The people reading this article care about what happens to their tax money. The people who do not read this column are probably so taken up with their lives that they have lost hope of believing in anything. They usually watch ice bucket videos on Facebook and laugh to forget about how seriously shameful this world has become. 

Worst of all, those normal folk who have cash flow problems and have a downturn in their business, do not have the fortune of discovering a benevolent government or bumping into a Mr Sciberras along Republic Street.

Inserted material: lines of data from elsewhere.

(* For every Scott-open subset $\mathcal U$ of $\mathcal Q\mathbb R_\ell$, the set $\{x\in\mathbb R:\{x\}\in\mathcal U\}$ is open in $\mathbb R_\ell$.
   Context: The Sorgenfrey line $\mathbb R_\ell$ is $\mathbb R$ with the topology generated by the half-open intervals $[a,b[$, $a<b$. $\mathcal Q\mathbb R_\ell$ is the set of non-empty compact subsets of $\mathbb R_\ell$ ordered by reverse inclusion $\supseteq$; it is a dcpo whose directed suprema are intersections, and it carries its Scott topology. *)

From Stdlib Require Import Reals List.
Open Scope R_scope.

Definition subset (A B : R -> Prop) : Prop := forall x, A x -> B x.

(* The Sorgenfrey line R_l: the topology generated by the base of half-open
   intervals [a,b[, a<b.  A set is open iff it is a union of such intervals,
   i.e. iff every point x of it has some [x,b[ (b > x) inside it. *)
Definition sorg_open (U : R -> Prop) : Prop :=
  forall x, U x -> exists b, x < b /\ subset (fun y => x <= y /\ y < b) U.

Definition sorg_compact (K : R -> Prop) : Prop :=
  forall C : (R -> Prop) -> Prop,
    (forall U, C U -> sorg_open U) ->
    (forall x, K x -> exists U, C U /\ U x) ->
    exists l : list (R -> Prop),
      (forall U, In U l -> C U) /\
      (forall x, K x -> exists U, In U l /\ U x).

Definition QRl (K : R -> Prop) : Prop := (exists x, K x) /\ sorg_compact K.

Definition qle (K L : R -> Prop) : Prop := subset L K.

Definition q_directed (D : (R -> Prop) -> Prop) : Prop :=
  (forall K, D K -> QRl K) /\
  (exists K, D K) /\
  (forall K1 K2, D K1 -> D K2 ->
     exists K3, D K3 /\ qle K1 K3 /\ qle K2 K3).

Definition q_sup (D : (R -> Prop) -> Prop) (S : R -> Prop) : Prop :=
  QRl S /\ (forall K, D K -> qle K S) /\
  (forall L, QRl L -> (forall K, D K -> qle K L) -> qle S L).

Definition scott_open (U : (R -> Prop) -> Prop) : Prop :=
  (forall K, U K -> QRl K) /\
  (forall K L, U K -> QRl L -> qle K L -> U L) /\
  (forall D S, q_directed D -> q_sup D S -> U S ->
     exists K, D K /\ U K).

(* If {x} lies in the Scott-open set U but no [x, b[ maps into U, pick points
   y_n in [x, x + 1/(n+1)[ with {y_n} outside U.  The tails
   K_n = {x} ∪ {y_m | m >= n} are compact in R_l (a sequence together with its
   R_l-limit), they form a chain in QR_l whose supremum (intersection) is {x},
   so Scott-openness puts some K_n in U, and then {y_n} ⊆ K_n lies in U too. *)
From Stdlib Require Import Reals List.
From Stdlib Require Import Classical ClassicalEpsilon Lia Lra.
Open Scope R_scope.

Definition finite_subcover (C : (R -> Prop) -> Prop) (A : R -> Prop) : Prop :=
  exists l : list (R -> Prop),
    (forall U, In U l -> C U) /\ (forall x, A x -> exists U, In U l /\ U x).

Lemma finite_subcover_subset (C : (R -> Prop) -> Prop) (A B : R -> Prop) :
  subset A B -> finite_subcover C B -> finite_subcover C A.
Proof.
  intros HAB [l [Hl Hcov]]. exists l. split; auto.
Qed.

Lemma finite_subcover_union (C : (R -> Prop) -> Prop) (A B : R -> Prop) :
  finite_subcover C A -> finite_subcover C B ->
  finite_subcover C (fun x => A x \/ B x).
Proof.
  intros [l1 [Hl1 Hcov1]] [l2 [Hl2 Hcov2]]. exists (l1 ++ l2). split.
  - intros U HU. apply in_app_or in HU as [HU | HU]; auto.
  - intros x [Ax | Bx].
    + destruct (Hcov1 x Ax) as [U [HU Ux]]. exists U. split; auto using in_or_app.
    + destruct (Hcov2 x Bx) as [U [HU Ux]]. exists U. split; auto using in_or_app.
Qed.

Lemma finite_subcover_member (C : (R -> Prop) -> Prop) (V : R -> Prop) :
  C V -> finite_subcover C V.
Proof.
  intros HV. exists (V :: nil). split.
  - intros U [<- | []]. exact HV.
  - intros x Vx. exists V. split; simpl; auto.
Qed.

Lemma finite_subcover_finite_range (C : (R -> Prop) -> Prop) (y : nat -> R) (k : nat) :
  (forall m, (m < k)%nat -> exists U, C U /\ U (y m)) ->
  finite_subcover C (fun z => exists m, (m < k)%nat /\ z = y m).
Proof.
  induction k as [|k IHk]; intros Hcov.
  - exists nil. split; [intros ? [] | intros z [m [Hm _]]; lia].
  - destruct (Hcov k (Nat.lt_succ_diag_r k)) as [V [HV Vy]].
    apply finite_subcover_subset with
      (fun z => (exists m, (m < k)%nat /\ z = y m) \/ V z).
    + intros z [m [Hm ->]]. destruct (Nat.eq_dec m k) as [-> | Hmk].
      * right. exact Vy.
      * left. exists m. split; [lia | reflexivity].
    + apply finite_subcover_union; [| now apply finite_subcover_member].
      apply IHk. intros m Hm. apply Hcov. lia.
Qed.

(* Convergence in R_l: the sets [x, b[ form a neighbourhood base at x. *)
Definition sorg_converges (y : nat -> R) (x : R) : Prop :=
  forall b, x < b -> exists N, forall m, (N <= m)%nat -> x <= y m < b.

Definition limit_range (y : nat -> R) (x : R) : R -> Prop :=
  fun z => z = x \/ exists m, z = y m.

Lemma sorg_compact_limit_range (y : nat -> R) (x : R) :
  sorg_converges y x -> sorg_compact (limit_range y x).
Proof.
  intros Hy C HC Hcov.
  destruct (Hcov x (or_introl eq_refl)) as [V [HV Vx]].
  destruct (HC V HV x Vx) as [b [Hxb HbV]].
  destruct (Hy b Hxb) as [N HN].
  apply (finite_subcover_subset C _
           (fun z => V z \/ exists m, (m < N)%nat /\ z = y m)).
  - intros z [-> | [m ->]]; [now left |].
    destruct (Nat.lt_ge_cases m N) as [HmN | HNm].
    + right. exists m. split; auto.
    + left. apply HbV, HN, HNm.
  - apply finite_subcover_union; [now apply finite_subcover_member |].
    apply finite_subcover_finite_range. intros m _.
    apply Hcov. right. exists m. reflexivity.
Qed.

Lemma QRl_limit_range (y : nat -> R) (x : R) :
  sorg_converges y x -> QRl (limit_range y x).
Proof.
  intros Hy. split; [exists x; now left | now apply sorg_compact_limit_range].
Qed.

Lemma QRl_singleton (x : R) : QRl (fun z => z = x).
Proof.
  split; [now exists x |].
  intros C HC Hcov. destruct (Hcov x eq_refl) as [V [HV Vx]].
  apply (finite_subcover_subset C _ V); [now intros z -> |].
  now apply finite_subcover_member.
Qed.

Lemma sorg_converges_shift (y : nat -> R) (x : R) (n : nat) :
  sorg_converges y x -> sorg_converges (fun m => y (n + m)%nat) x.
Proof.
  intros Hy b Hxb. destruct (Hy b Hxb) as [N HN].
  exists N. intros m Hm. apply HN. lia.
Qed.

Lemma limit_range_shift_antitone (y : nat -> R) (x : R) (n n' : nat) :
  (n <= n')%nat ->
  qle (limit_range (fun m => y (n + m)%nat) x) (limit_range (fun m => y (n' + m)%nat) x).
Proof.
  intros Hnn' z [-> | [m ->]]; [now left |].
  right. exists (n' - n + m)%nat. f_equal. lia.
Qed.

Lemma limit_range_shifts_meet (y : nat -> R) (x z : R) :
  sorg_converges y x ->
  (forall n, limit_range (fun m => y (n + m)%nat) x z) -> z = x.
Proof.
  intros Hy Hz.
  assert (Hbound : forall b, x < b -> z = x \/ x <= z < b).
  { intros b Hxb. destruct (Hy b Hxb) as [N HN].
    destruct (Hz N) as [-> | [m ->]]; [now left |].
    right. apply HN. lia. }
  destruct (Hbound (x + 1) ltac:(lra)) as [-> | [Hxz _]]; auto.
  destruct (Req_dec z x) as [-> | Hzx]; auto.
  destruct (Hbound z ltac:(lra)) as [-> | [_ Hzz]]; [reflexivity | lra].
Qed.

Section Chain.

Variables (K : nat -> R -> Prop) (S : R -> Prop).
Hypothesis K_QRl : forall n, QRl (K n).
Hypothesis K_antitone : forall n n', (n <= n')%nat -> qle (K n) (K n').

Definition chain_range : (R -> Prop) -> Prop := fun L => exists n, L = K n.

Lemma q_directed_chain : q_directed chain_range.
Proof.
  split; [| split].
  - intros L [n ->]. apply K_QRl.
  - exists (K 0%nat). now exists 0%nat.
  - intros L1 L2 [n1 ->] [n2 ->]. exists (K (Nat.max n1 n2)).
    split; [now exists (Nat.max n1 n2) |].
    split; apply K_antitone; lia.
Qed.

Hypothesis S_QRl : QRl S.
Hypothesis S_lower : forall n, qle (K n) S.
Hypothesis S_meet : forall z, (forall n, K n z) -> S z.

Lemma q_sup_chain : q_sup chain_range S.
Proof.
  split; [exact S_QRl | split].
  - intros L [n ->]. apply S_lower.
  - intros L _ HL z Lz. apply S_meet. intros n.
    apply (HL (K n)); [now exists n | exact Lz].
Qed.

Lemma scott_open_chain_meet (U : (R -> Prop) -> Prop) :
  scott_open U -> U S -> exists n, U (K n).
Proof.
  intros [_ [_ Hinacc]] US.
  destruct (Hinacc chain_range S q_directed_chain q_sup_chain US) as [L [[n ->] UL]].
  now exists n.
Qed.

End Chain.

Lemma scott_open_singleton_converges (U : (R -> Prop) -> Prop) (y : nat -> R) (x : R) :
  scott_open U -> U (fun z => z = x) -> sorg_converges y x ->
  exists n, U (fun z => z = y n).
Proof.
  intros HU Ux Hy.
  set (K := fun n => limit_range (fun m => y (n + m)%nat) x).
  assert (HK : exists n, U (K n)).
  { apply (scott_open_chain_meet K (fun z => z = x)); auto.
    - intros n. apply QRl_limit_range, sorg_converges_shift, Hy.
    - intros n n'. apply limit_range_shift_antitone.
    - apply QRl_singleton.
    - intros n z ->. now left.
    - intros z. apply limit_range_shifts_meet, Hy. }
  destruct HK as [n UKn]. exists n.
  destruct HU as [_ [Hup _]]. apply (Hup (K n)); [exact UKn | apply QRl_singleton |].
  intros z ->. right. exists 0%nat. now rewrite Nat.add_0_r.
Qed.

Lemma sorg_open_of_converges (A : R -> Prop) :
  (forall x y, A x -> sorg_converges y x -> exists n, A (y n)) -> sorg_open A.
Proof.
  intros HA x Ax. apply NNPP. intros Hno.
  assert (Hescape : forall n : nat, exists z, (x <= z < x + / INR (S n)) /\ ~ A z).
  { intros n. apply NNPP. intros Hn. apply Hno. exists (x + / INR (S n)).
    split; [pose proof (RinvN_pos n); rewrite S_INR; lra |].
    intros z Hz. apply NNPP. intros Az. apply Hn. now exists z. }
  destruct (choice _ Hescape) as [y Hy].
  assert (Hconv : sorg_converges y x).
  { intros b Hxb. destruct (archimed_cor1 (b - x)) as [N [HN HN0]]; [lra |].
    exists N. intros m Hm. destruct (Hy m) as [[Hxy Hyx] _]. split; [exact Hxy |].
    assert (/ INR (S m) <= / INR N).
    { apply Rinv_le_contravar; [now apply lt_0_INR | apply le_INR; lia]. }
    lra. }
  destruct (HA x y Ax Hconv) as [n An].
  exact (proj2 (Hy n) An).
Qed.

Theorem lemma4p18 (U : (R -> Prop) -> Prop) :
  scott_open U ->
  sorg_open (fun x : R => U (fun y : R => y = x)).
Proof.
  intros HU. apply sorg_open_of_converges.
  intros x y Ux Hy. exact (scott_open_singleton_converges U y x HU Ux Hy).
Qed.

Today’s editorial talks of a government that was elected on the premise of offering a different way of doing things. 

If the Jumbo Lido was a scandal, this is a mega scandal. 

And it goes to prove that our political class and institutions are unworthy of our respect.

Yes, unworthy of respect.

If this administration under Joseph Muscat had any self-respect he would not wait for the Opposition to raise the matter, he would call an investigation that would not include his consultants and look into the matter.

And if the Opposition had any sense, they would raise hell.

This government genuflects whenever it is faced with a person who calls himself a businessman. Anyone who drives his business into a €4.2 million debt hole is not a businessman but a failed businessman. A truck driver caught sleeping at his wheel loses his licence; in Malta a businessman who defaults and implodes finds the government to bail him out and reinstate him.

This shameful investigation also highlights the inadequacy and incompetence of the police. In the last months, I have passed on information about errant police officers and more information about the oil scandal. And the reaction and response from the police has been resoundingly impressive for being nothing, nothing as in nix, zilch and zero.

Our institutions, from Muscat’s government to the judiciary, are letting the people down and in spite of our imperfect ways and editorial slant I really believe that the media, the independent and semi-independent media are the only safeguard to our 50-year-old democracy.

It is a democracy dominated by cronyism and shortcomings, crowned by the philosophy that whom you know and what they can do for you is what is important, not what you are good at.

Really, if there is someone who needs some charity in all this ice bucket frenzy, it is our democracy, which has turned into one big circus.